Published by Pearson
ISBN 10: 032198238X
ISBN 13: 978-0-32198-238-4

Chapter 1 - Linear Equations in Linear Algebra - 1.8 Exercises - Page 69: 4

Answer

$\begin{bmatrix}-5\\-3\\1\end{bmatrix}$ is the unique vector with image $\vec{b}$ under $T$.

Work Step by Step

Finding the vector with a given image under some matrix transformation is equivalent to finding the solution set of a linear system.

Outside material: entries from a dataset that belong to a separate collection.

(* Let $\beta_{H\leftarrow M},\beta_{M\leftarrow H},\rho,\gamma,\mu>0$, $l\ge0$, $p,q\in[0,1]$ with $c(p,q)+l>0$. For every solution of system (VBH) with initial condition in $\Omega$, $$\lim_{t\to+\infty}I_P(t)=\lim_{t\to+\infty}I_{NP}(t)=\lim_{t\to+\infty}I_M(t)=0.$$
   Context: Let $c(p,q):=1-p(1-q)$. System (VBH) is the ODE system $$S_P'=-\beta_{H\leftarrow M}\rho I_M\frac{qS_P}{c(p,q)+l},\qquad I_P'=\beta_{H\leftarrow M}\rho I_M\frac{qS_P}{c(p,q)+l}-\gamma I_P,$$ $$S_{NP}'=-\beta_{H\leftarrow M}\rho I_M\frac{S_{NP}}{c(p,q)+l},\qquad I_{NP}'=\beta_{H\leftarrow M}\rho I_M\frac{S_{NP}}{c(p,q)+l}-\gamma I_{NP},$$ $$I_M'=\beta_{M\leftarrow H}(1-I_M)\frac{qI_P+I_{NP}}{c(p,q)+l}-\mu I_M,$$ with constant parameters $p,q,l$. Let $\Omega:=\{(S_P,I_P,S_{NP},I_{NP},I_M)\in\mathbb{R}^5_{\ge0}:\ S_P+I_P+S_{NP}+I_{NP}\le1,\ I_M\le1\}$. *)

From Stdlib Require Import Reals.
From Coquelicot Require Import Coquelicot.
Open Scope R_scope.

Definition cpq (p q : R) : R := 1 - p * (1 - q).

Definition VBH_solution (bHM bMH rho gamma mu p q l : R)
    (SP IP SNP INP IM : R -> R) : Prop :=
  filterlim SP (at_right 0) (locally (SP 0)) /\
  filterlim IP (at_right 0) (locally (IP 0)) /\
  filterlim SNP (at_right 0) (locally (SNP 0)) /\
  filterlim INP (at_right 0) (locally (INP 0)) /\
  filterlim IM (at_right 0) (locally (IM 0)) /\
  forall t, 0 < t ->
    is_derive SP t (- bHM * rho * IM t * (q * SP t / (cpq p q + l))) /\
    is_derive IP t (bHM * rho * IM t * (q * SP t / (cpq p q + l)) - gamma * IP t) /\
    is_derive SNP t (- bHM * rho * IM t * (SNP t / (cpq p q + l))) /\
    is_derive INP t (bHM * rho * IM t * (SNP t / (cpq p q + l)) - gamma * INP t) /\
    is_derive IM t (bMH * (1 - IM t) * ((q * IP t + INP t) / (cpq p q + l)) - mu * IM t).

Definition in_Omega (sp ip snp inp im : R) : Prop :=
  0 <= sp /\ 0 <= ip /\ 0 <= snp /\ 0 <= inp /\ 0 <= im /\
  sp + ip + snp + inp <= 1 /\ im <= 1.

From Stdlib Require Import Reals Lra List Classical.
From Coquelicot Require Import Coquelicot.
Import ListNotations.
Open Scope R_scope.

(* Positivity: on a time interval [0, T] the six quantities S_P, I_P, S_NP, I_NP, I_M and 1 - I_M
   are bounded by some B, and the right-hand side of (VBH) is such that whenever one of them is
   negative and the smallest of the six, its derivative exceeds Lam times its value, for a Lam
   depending only on B. Weighted by exp(-Lam t), the smallest one then increases whenever it is
   negative, so the minimum of the family never becomes negative.

   Convergence: with eps = gamma (c + l) / (2 beta_{M<-H}), the function
   E = S_P + I_P + S_NP + I_NP + eps I_M is nonnegative with E' <= -delta g, where
   g = I_P + I_NP + I_M, and g' is bounded below. Each time g reaches a level eta it stays above
   eta/2 for a fixed time, so E drops by a fixed amount; since E >= 0 this happens only finitely
   often, hence g -> 0. *)

Lemma is_derive_Rplus (f g : R -> R) (x a b : R) :
  is_derive f x a -> is_derive g x b -> is_derive (fun y => f y + g y) x (a + b).
Proof. intros; now apply (is_derive_plus f g). Qed.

Hence, we begin with the augmented matrix: $\begin{bmatrix}1&-3&2&6\\0&1&-4&-7\\3&-5&-9&-9\end{bmatrix}$ Add $-3$ times row (1) to row (3): $\begin{bmatrix}1&-3&2&6\\0&1&-4&-7\\0&4&-15&-27\end{bmatrix}$ Add $-4$ times row (2) to row (3): $\begin{bmatrix}1&-3&2&6\\0&1&-4&-7\\0&0&1&1\end{bmatrix}$ Add $4$ times row (3) to row (2) and $-2$ times row (3) to row (1): $\begin{bmatrix}1&-3&0&4\\0&1&0&-3\\0&0&1&1\end{bmatrix}$ Add $3$ times row (2) to row (1): $\begin{bmatrix}1&0&0&-5\\0&1&0&-3\\0&0&1&1\end{bmatrix}$ Since the system contains no free variables, the solution is unique.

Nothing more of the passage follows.